◆ **WHAT THE EXERCISE ASKS**
Print the records below word for word, beginning with the first line and ending once the line containing "From HB Require Import structures." is printed.

--- START ---

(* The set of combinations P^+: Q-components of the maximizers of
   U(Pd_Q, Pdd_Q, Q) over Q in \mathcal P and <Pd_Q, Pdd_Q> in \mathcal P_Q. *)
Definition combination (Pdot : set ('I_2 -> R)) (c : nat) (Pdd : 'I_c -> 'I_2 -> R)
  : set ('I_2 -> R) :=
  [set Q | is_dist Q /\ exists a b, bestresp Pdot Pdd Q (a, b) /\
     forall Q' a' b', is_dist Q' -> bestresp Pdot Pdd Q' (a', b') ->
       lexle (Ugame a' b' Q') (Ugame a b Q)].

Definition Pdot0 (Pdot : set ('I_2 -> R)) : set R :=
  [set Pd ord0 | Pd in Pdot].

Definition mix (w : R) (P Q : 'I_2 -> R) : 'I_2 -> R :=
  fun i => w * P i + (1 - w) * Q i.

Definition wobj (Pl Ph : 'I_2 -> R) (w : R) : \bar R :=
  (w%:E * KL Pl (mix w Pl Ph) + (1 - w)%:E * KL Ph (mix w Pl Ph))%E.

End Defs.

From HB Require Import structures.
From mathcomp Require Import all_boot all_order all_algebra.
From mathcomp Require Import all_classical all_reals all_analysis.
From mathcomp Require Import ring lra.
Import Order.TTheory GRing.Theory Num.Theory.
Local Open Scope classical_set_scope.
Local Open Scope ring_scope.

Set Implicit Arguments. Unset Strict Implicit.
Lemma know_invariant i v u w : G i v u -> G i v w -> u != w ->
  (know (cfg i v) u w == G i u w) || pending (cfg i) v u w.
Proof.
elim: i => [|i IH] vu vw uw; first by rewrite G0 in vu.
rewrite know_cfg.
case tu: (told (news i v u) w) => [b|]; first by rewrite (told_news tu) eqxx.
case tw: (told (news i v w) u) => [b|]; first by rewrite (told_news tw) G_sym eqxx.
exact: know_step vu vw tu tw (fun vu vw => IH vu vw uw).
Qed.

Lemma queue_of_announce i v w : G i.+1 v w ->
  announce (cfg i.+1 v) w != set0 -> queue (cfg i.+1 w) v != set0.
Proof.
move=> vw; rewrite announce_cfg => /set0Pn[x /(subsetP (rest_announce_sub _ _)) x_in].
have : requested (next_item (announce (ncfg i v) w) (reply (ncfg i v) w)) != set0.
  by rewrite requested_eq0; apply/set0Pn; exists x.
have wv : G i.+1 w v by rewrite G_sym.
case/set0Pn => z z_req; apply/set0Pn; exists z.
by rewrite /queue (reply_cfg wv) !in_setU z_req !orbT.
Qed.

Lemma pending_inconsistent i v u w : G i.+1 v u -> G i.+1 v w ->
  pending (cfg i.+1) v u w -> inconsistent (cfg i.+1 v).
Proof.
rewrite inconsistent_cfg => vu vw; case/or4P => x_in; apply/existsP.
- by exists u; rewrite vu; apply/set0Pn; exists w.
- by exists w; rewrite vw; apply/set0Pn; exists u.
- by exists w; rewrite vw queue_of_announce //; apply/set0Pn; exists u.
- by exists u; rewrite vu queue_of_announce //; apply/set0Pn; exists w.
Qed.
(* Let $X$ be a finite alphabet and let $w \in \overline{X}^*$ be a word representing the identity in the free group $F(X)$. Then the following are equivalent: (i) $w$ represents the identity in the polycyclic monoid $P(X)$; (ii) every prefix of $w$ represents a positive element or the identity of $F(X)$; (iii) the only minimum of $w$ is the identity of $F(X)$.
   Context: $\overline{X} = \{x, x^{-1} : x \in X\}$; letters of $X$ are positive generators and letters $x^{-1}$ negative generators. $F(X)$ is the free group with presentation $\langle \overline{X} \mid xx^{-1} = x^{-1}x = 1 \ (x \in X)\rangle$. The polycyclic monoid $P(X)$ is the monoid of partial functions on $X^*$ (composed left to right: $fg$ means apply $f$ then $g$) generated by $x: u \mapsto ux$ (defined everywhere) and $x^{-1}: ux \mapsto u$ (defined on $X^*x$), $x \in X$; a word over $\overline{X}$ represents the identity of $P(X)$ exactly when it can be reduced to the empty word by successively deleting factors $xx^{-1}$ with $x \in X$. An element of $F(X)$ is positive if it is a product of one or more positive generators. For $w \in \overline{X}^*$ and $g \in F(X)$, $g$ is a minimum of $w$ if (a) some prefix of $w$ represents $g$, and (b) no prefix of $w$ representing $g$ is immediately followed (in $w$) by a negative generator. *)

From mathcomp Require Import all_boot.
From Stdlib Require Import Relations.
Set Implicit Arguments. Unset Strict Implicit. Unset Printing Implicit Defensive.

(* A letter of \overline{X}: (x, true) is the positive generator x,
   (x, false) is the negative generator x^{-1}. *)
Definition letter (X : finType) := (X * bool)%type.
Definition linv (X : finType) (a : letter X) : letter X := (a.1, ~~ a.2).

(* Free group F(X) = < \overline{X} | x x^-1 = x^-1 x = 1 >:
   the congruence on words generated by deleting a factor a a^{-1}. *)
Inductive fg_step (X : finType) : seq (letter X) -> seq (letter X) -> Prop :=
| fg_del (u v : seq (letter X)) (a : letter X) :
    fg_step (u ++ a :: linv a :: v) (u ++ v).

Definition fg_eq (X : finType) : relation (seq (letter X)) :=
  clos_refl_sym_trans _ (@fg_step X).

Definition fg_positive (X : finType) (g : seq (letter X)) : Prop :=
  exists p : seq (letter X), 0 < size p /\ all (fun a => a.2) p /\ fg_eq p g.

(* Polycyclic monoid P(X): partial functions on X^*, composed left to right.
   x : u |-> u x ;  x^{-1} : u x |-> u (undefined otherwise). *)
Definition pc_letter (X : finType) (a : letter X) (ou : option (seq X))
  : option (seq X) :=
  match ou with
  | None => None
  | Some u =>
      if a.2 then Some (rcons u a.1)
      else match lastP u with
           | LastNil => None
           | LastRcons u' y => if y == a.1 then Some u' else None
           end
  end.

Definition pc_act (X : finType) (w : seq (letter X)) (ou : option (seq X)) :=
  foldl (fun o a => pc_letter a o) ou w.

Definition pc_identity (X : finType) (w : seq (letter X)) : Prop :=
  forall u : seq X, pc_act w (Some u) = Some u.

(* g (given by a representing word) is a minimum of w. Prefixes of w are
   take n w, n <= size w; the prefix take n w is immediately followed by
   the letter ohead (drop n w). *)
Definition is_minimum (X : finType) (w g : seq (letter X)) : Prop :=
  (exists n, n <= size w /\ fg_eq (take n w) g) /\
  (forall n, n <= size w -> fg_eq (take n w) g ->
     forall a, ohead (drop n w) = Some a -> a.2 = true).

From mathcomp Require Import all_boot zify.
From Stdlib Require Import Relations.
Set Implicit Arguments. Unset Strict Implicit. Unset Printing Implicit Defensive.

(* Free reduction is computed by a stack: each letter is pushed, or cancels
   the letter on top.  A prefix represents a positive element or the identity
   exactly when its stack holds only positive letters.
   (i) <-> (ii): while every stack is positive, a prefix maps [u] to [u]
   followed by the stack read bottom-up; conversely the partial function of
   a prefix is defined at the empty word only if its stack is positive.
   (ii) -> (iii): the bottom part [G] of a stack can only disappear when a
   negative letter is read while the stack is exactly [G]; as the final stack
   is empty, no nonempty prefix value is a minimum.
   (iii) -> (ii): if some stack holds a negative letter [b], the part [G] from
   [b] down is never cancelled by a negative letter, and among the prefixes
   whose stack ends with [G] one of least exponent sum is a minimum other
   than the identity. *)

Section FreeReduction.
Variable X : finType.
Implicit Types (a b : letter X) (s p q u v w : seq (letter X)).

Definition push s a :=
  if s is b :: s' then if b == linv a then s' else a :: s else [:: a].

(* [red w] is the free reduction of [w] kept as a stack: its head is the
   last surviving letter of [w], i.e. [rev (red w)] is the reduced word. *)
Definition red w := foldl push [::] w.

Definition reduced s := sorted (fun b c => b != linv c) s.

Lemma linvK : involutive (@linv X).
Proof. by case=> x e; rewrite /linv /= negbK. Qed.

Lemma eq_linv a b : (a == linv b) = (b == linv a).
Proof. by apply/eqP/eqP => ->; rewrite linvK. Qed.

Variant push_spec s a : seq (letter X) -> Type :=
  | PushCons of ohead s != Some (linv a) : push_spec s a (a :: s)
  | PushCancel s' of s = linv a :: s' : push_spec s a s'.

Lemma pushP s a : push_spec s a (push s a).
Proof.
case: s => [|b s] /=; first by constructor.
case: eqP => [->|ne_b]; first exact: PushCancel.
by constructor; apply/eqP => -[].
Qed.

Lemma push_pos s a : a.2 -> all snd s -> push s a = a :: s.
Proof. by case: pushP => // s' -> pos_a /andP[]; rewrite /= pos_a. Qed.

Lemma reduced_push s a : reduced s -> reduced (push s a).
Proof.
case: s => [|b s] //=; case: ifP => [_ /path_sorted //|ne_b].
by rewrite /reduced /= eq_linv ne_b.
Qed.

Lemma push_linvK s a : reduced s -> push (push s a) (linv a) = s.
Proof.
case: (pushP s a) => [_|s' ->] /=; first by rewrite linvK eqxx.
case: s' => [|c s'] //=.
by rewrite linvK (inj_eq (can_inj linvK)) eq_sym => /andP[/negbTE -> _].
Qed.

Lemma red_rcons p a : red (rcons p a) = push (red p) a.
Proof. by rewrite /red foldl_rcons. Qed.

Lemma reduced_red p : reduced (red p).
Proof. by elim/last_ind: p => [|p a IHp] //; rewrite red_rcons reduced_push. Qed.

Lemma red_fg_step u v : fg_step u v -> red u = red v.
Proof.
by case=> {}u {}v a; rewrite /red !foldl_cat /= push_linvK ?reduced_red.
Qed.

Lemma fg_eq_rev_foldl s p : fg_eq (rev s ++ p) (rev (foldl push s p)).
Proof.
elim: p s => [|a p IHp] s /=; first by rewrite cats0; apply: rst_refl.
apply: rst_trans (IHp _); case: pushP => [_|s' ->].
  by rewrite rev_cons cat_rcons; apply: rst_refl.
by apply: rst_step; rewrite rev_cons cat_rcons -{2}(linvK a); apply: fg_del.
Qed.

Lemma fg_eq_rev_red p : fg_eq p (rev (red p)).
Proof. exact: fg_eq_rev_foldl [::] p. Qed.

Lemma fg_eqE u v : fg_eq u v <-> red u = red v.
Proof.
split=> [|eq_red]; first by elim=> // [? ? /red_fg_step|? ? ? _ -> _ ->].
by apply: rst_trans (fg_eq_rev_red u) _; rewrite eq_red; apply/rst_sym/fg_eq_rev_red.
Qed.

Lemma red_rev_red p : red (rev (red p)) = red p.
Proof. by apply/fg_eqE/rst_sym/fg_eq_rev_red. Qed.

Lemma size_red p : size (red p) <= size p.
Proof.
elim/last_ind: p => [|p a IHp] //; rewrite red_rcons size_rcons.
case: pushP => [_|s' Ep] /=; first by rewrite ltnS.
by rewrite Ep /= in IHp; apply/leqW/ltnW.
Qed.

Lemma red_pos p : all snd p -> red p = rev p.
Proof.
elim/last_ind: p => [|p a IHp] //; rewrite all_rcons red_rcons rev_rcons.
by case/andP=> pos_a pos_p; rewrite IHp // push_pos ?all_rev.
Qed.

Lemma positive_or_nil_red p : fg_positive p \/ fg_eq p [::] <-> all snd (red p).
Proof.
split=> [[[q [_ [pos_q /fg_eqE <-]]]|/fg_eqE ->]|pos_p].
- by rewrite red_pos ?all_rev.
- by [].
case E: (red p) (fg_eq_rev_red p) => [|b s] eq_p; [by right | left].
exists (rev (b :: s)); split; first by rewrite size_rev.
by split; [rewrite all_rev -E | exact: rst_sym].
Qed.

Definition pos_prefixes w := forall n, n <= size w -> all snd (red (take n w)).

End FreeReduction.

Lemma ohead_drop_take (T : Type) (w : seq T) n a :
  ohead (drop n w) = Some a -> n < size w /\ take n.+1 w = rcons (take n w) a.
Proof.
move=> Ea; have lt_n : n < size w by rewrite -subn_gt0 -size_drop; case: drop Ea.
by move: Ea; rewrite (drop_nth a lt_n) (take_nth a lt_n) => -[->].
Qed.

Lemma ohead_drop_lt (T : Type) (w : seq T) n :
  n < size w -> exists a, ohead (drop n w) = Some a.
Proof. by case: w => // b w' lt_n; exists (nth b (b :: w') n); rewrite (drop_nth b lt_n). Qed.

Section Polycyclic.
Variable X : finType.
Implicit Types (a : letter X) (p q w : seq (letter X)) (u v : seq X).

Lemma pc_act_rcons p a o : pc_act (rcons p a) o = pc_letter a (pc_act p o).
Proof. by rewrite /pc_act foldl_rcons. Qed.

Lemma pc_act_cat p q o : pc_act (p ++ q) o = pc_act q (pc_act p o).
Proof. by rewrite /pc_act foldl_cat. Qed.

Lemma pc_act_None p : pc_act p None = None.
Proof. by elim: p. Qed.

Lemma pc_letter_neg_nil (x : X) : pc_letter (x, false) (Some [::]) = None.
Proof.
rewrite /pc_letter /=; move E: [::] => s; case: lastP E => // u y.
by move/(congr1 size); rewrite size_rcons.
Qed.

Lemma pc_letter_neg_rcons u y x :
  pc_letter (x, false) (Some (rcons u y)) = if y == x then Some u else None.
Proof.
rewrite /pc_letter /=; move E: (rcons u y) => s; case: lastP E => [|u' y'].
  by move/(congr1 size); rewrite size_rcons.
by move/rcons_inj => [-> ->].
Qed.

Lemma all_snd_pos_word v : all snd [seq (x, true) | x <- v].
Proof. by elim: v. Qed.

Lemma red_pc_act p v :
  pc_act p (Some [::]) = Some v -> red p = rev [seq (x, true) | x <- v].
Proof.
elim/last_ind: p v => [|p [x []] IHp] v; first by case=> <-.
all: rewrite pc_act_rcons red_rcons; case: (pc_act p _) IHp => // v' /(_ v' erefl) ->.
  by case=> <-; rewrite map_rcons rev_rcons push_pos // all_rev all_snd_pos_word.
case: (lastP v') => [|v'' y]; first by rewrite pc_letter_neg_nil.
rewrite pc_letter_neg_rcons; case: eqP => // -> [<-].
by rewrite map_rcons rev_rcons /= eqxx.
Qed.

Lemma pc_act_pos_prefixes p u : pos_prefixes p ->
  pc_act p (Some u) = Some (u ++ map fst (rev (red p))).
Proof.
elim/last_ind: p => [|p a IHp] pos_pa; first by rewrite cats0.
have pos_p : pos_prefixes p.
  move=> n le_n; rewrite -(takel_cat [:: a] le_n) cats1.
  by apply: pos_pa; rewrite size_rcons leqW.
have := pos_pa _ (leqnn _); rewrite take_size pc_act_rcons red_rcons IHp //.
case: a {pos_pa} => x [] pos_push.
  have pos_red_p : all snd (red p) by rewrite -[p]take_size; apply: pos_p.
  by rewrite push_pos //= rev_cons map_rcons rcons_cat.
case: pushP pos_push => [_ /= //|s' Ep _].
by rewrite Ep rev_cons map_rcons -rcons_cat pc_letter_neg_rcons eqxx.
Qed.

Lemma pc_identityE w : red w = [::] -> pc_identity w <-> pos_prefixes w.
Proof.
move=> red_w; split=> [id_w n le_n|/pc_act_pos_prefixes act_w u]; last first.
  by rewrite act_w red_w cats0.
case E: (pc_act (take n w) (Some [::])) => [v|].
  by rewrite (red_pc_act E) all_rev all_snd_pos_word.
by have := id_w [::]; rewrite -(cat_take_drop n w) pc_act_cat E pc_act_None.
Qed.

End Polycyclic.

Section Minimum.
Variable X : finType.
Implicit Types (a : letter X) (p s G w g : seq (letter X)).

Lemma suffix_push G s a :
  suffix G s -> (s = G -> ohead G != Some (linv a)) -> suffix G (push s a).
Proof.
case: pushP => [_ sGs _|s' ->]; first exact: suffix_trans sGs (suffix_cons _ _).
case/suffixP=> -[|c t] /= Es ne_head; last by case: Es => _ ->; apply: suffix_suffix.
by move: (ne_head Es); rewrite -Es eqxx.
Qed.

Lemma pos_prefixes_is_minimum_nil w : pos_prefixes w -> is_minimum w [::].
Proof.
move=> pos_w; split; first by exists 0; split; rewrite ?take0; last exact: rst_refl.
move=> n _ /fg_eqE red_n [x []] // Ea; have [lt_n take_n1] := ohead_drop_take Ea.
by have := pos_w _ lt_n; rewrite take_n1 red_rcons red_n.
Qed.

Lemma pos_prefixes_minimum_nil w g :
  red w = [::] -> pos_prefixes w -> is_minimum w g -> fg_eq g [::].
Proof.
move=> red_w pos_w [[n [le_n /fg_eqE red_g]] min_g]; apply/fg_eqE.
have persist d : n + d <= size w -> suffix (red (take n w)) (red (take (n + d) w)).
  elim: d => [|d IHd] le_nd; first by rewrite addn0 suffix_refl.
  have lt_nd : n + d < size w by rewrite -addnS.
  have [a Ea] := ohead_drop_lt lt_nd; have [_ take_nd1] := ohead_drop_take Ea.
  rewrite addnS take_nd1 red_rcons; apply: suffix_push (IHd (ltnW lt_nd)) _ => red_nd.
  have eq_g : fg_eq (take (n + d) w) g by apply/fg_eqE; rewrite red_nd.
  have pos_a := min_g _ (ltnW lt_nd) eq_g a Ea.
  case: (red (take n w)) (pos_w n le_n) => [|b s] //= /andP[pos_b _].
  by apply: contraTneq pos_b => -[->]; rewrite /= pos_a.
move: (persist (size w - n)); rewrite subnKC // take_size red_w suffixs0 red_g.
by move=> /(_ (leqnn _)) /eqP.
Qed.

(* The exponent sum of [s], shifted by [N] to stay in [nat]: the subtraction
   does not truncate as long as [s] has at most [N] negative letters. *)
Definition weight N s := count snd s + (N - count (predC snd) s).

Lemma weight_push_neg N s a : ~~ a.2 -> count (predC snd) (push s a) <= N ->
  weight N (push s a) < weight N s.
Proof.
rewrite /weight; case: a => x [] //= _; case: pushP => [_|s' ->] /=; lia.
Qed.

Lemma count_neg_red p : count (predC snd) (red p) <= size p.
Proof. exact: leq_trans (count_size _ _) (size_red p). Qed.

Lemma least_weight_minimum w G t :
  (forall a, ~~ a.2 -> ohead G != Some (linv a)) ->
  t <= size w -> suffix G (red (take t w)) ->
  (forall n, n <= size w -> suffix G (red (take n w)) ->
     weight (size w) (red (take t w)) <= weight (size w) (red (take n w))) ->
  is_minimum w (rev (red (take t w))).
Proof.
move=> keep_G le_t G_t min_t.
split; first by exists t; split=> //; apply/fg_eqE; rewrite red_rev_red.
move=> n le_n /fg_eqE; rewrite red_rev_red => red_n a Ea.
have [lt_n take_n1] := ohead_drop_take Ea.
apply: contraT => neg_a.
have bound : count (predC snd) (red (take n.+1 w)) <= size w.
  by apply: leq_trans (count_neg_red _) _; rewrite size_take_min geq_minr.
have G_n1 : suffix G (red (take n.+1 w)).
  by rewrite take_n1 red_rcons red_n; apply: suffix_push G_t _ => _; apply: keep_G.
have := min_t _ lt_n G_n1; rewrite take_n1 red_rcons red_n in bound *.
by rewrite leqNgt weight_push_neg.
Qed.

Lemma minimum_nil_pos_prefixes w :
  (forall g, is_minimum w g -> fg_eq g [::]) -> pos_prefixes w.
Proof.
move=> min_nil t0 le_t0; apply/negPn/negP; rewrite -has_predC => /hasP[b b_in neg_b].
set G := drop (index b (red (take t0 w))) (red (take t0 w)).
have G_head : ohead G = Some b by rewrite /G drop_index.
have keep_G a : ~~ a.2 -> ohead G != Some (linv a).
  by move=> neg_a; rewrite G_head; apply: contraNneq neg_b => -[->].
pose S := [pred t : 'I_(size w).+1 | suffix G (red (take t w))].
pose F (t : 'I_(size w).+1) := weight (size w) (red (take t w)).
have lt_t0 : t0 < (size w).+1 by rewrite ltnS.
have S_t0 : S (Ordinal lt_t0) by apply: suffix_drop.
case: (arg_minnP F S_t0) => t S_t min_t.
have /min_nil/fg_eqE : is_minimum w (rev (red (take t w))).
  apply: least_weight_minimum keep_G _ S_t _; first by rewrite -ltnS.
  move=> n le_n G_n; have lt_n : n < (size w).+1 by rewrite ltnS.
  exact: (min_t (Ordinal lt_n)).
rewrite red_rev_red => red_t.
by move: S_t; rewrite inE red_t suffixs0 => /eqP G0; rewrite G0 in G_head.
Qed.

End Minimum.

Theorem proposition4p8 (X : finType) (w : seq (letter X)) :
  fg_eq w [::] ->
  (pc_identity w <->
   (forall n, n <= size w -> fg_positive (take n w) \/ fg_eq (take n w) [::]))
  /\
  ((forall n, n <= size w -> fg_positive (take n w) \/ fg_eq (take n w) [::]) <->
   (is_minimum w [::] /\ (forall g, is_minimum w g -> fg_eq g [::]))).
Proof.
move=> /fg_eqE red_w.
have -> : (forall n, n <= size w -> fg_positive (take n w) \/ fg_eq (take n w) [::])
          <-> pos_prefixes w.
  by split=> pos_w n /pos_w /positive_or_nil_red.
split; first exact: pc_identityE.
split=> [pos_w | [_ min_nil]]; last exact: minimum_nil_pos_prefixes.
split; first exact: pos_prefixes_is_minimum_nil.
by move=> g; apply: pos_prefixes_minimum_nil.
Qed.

--- END ---

◆ **ANSWER TO THE PROBLEM**
(* The set of combinations P^+: Q-components of the maximizers of
   U(Pd_Q, Pdd_Q, Q) over Q in \mathcal P and <Pd_Q, Pdd_Q> in \mathcal P_Q. *)
Definition combination (Pdot : set ('I_2 -> R)) (c : nat) (Pdd : 'I_c -> 'I_2 -> R)
  : set ('I_2 -> R) :=
  [set Q | is_dist Q /\ exists a b, bestresp Pdot Pdd Q (a, b) /\
     forall Q' a' b', is_dist Q' -> bestresp Pdot Pdd Q' (a', b') ->
       lexle (Ugame a' b' Q') (Ugame a b Q)].

Definition Pdot0 (Pdot : set ('I_2 -> R)) : set R :=
  [set Pd ord0 | Pd in Pdot].

Definition mix (w : R) (P Q : 'I_2 -> R) : 'I_2 -> R :=
  fun i => w * P i + (1 - w) * Q i.

Definition wobj (Pl Ph : 'I_2 -> R) (w : R) : \bar R :=
  (w%:E * KL Pl (mix w Pl Ph) + (1 - w)%:E * KL Ph (mix w Pl Ph))%E.

End Defs.

From HB Require Import structures.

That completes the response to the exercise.